[[ Extracted information open ]]

Context {Omega : Type} {F : (Omega -> Prop) -> Prop} {P : (Omega -> Prop) -> R}
  (HP : prob_space F P) {n : nat} {X : nat -> Omega -> R}
  (HU : forall i, (1 <= i <= n)%nat -> uniform_on F P (X i) (INR i)).

Let HF : sigma_algebra F := proj1 HP.
Let HX : forall i, (1 <= i <= n)%nat -> measurable F (X i) := fun i Hi t => proj1 (HU i Hi t).

Lemma all_pos_as m :
  (m <= n)%nat -> F (all_pos m X) /\ P (fun w => ~ all_pos m X w) = 0.
Proof.
  induction m as [|m IH]; intro Hm.
  - rewrite (pred_ext (fun w => ~ all_pos 0 X w) (fun _ => False)).
    + split; [apply (event_ext (fun _ => True)); [apply event_True; auto|] | apply (prob_False HP)].
      intro w; split; [intros _ i Hi; lia | tauto].
    + intro w; split; [intro H; apply H; intros i Hi; lia | tauto].
  - destruct (IH ltac:(lia)) as [HF1 HP1].
    destruct (HU (S m) ltac:(lia) 0) as [HF2 HP2].
    assert (Hnull : P (fun w => X (S m) w <= 0) = 0).
    { rewrite HP2; unfold Rdiv; rewrite Rmult_0_l, Rmax_left, Rmin_right; lra. }
    assert (Hsplit : forall w, all_pos (S m) X w <-> all_pos m X w /\ ~ X (S m) w <= 0).
    { intro w; split.
      - intro H; split; [intros i Hi; apply H; lia | pose proof (H (S m) ltac:(lia)); lra].
      - intros [H Hx] i Hi; destruct (Nat.eq_dec i (S m)) as [->|]; [lra | apply H; lia]. }
    split.
    { apply (event_ext _ (event_and HF HF1 (event_compl HF HF2))).
      intro w; symmetry; apply Hsplit. }
    rewrite (pred_ext _ (fun w => ~ all_pos m X w \/ X (S m) w <= 0))
      by (intro w; rewrite Hsplit; tauto).
    pose proof (prob_or_le HP (event_compl HF HF1) HF2).
    pose proof (prob_ge0 HP (event_or HF (event_compl HF HF1) HF2)); lra.
Qed.

Section AlmostSure.

Context {G : Omega -> Prop} (HG : F G) (H0 : P (fun w => ~ G w) = 0).

Lemma sfun_mean_neg_max_card m :
  sfun_mean P (neg_max_card_sfun n X m) G
  = - sum_f_R0 (fun k => INR k * P (max_card_eq n X k)) m.
Proof.
  induction m as [|m IH]; unfold sfun_mean in *; cbn [neg_max_card_sfun fold_right fst snd];
    rewrite (prob_and_as HP (event_max_card_eq HF HX _) HG H0).
  - simpl; ring.
  - rewrite IH, tech5; ring.
Qed.

Context {c : R} (Hc : 1 <= c) {N : nat} (HN : (0 < N)%nat).

(* Since j/(cN) <= 1/c <= 1 <= i, every threshold lies in [0, i], where P(X_i <= t) = t/i. *)
Lemma staircase_mean i J :
  (1 <= i <= n)%nat -> (J <= N)%nat ->
  sfun_mean P (staircase X c N i J) G = INR J * (INR J + 1) / (2 * c * INR N * INR N * INR i).
Proof.
  intro Hi; assert (HNr : 0 < INR N) by (apply lt_0_INR; auto).
  assert (Hir : 1 <= INR i) by (apply (le_INR 1); lia).
  induction J as [|J IH]; intro HJ; [unfold sfun_mean; simpl; field; repeat split; lra|].
  change (sfun_mean P (staircase X c N i (S J)) G) with
    (/ INR N * P (fun w => X i w <= INR (S J) / (c * INR N) /\ G w)
     + sfun_mean P (staircase X c N i J) G).
  rewrite IH by lia; destruct (HU i Hi (INR (S J) / (c * INR N))) as [HFt HPt].
  rewrite (prob_and_as HP HFt HG H0), HPt.
  assert (HSJ : INR (S J) <= INR N) by (apply le_INR; auto).
  assert (Hpos : 0 < c * INR N * INR i)
    by (apply Rmult_lt_0_compat; [apply Rmult_lt_0_compat|]; lra).
  replace (INR (S J) / (c * INR N) / INR i) with (INR (S J) / (c * INR N * INR i))
    by (field; repeat split; lra).
  assert (Ht0 : 0 <= INR (S J) / (c * INR N * INR i))
    by (apply Rle_mult_inv_pos; [apply pos_INR | lra]).
  assert (Ht1 : INR (S J) / (c * INR N * INR i) <= 1).
  { apply Rmult_le_reg_r with (c * INR N * INR i); auto; unfold Rdiv.
    rewrite Rmult_assoc, Rinv_l, Rmult_1_r by lra.
    assert (INR N <= c * INR N) by nra; assert (c * INR N <= c * INR N * INR i) by nra; lra. }
  rewrite Rmax_right, Rmin_right by auto.
  rewrite S_INR; field; repeat split; lra.
Qed.

Lemma staircases_mean :
  sfun_mean P (staircases X c N n) G
  = (INR N + 1) / (2 * c * INR N) * range_sum (fun i => / INR i) n.
Proof.
  assert (HNr : 0 < INR N) by (apply lt_0_INR; auto).
  unfold staircases; rewrite sfun_mean_range_concat, <- range_sum_scale.
  apply range_sum_ext_in; intros i Hi.
  assert (0 < INR i) by (apply lt_0_INR; lia).
  rewrite staircase_mean by auto; field; repeat split; lra.
Qed.

End AlmostSure.
End Expectations.

Section Bound.

Context {Omega : Type} {F : (Omega -> Prop) -> Prop} {P : (Omega -> Prop) -> R}
  (HP : prob_space F P) {n : nat} {X : nat -> Omega -> R}
  (HU : forall i, (1 <= i <= n)%nat -> uniform_on F P (X i) (INR i)).

Let HF : sigma_algebra F := proj1 HP.
Let HX : forall i, (1 <= i <= n)%nat -> measurable F (X i) := fun i Hi t => proj1 (HU i Hi t).

Lemma events_neg_max_card_sfun m : Forall (fun p => F (snd p)) (neg_max_card_sfun n X m).
Proof. induction m; simpl; constructor; auto; apply event_max_card_eq; auto. Qed.

Lemma events_staircase c N i J :
  (1 <= i <= n)%nat -> Forall (fun p => F (snd p)) (staircase X c N i J).
Proof. intro Hi; induction J; simpl; constructor; auto; apply HX; auto. Qed.

Lemma events_staircases c N m : (m <= n)%nat -> Forall (fun p => F (snd p)) (staircases X c N m).
Proof.
  unfold staircases; induction m as [|m IH]; intro Hm; simpl; [constructor|].
  apply Forall_app; split; [apply IH | apply events_staircase]; lia.
Qed.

[[ Extracted information closed ]]

** What you will do **
Search the records above for "simpl" and copy every line that has it.

** Exercise solution **
  - simpl; ring.
  induction J as [|J IH]; intro HJ; [unfold sfun_mean; simpl; field; repeat split; lra|].
Proof. induction m; simpl; constructor; auto; apply event_max_card_eq; auto. Qed.
Proof. intro Hi; induction J; simpl; constructor; auto; apply HX; auto. Qed.
  unfold staircases; induction m as [|m IH]; intro Hm; simpl; [constructor|].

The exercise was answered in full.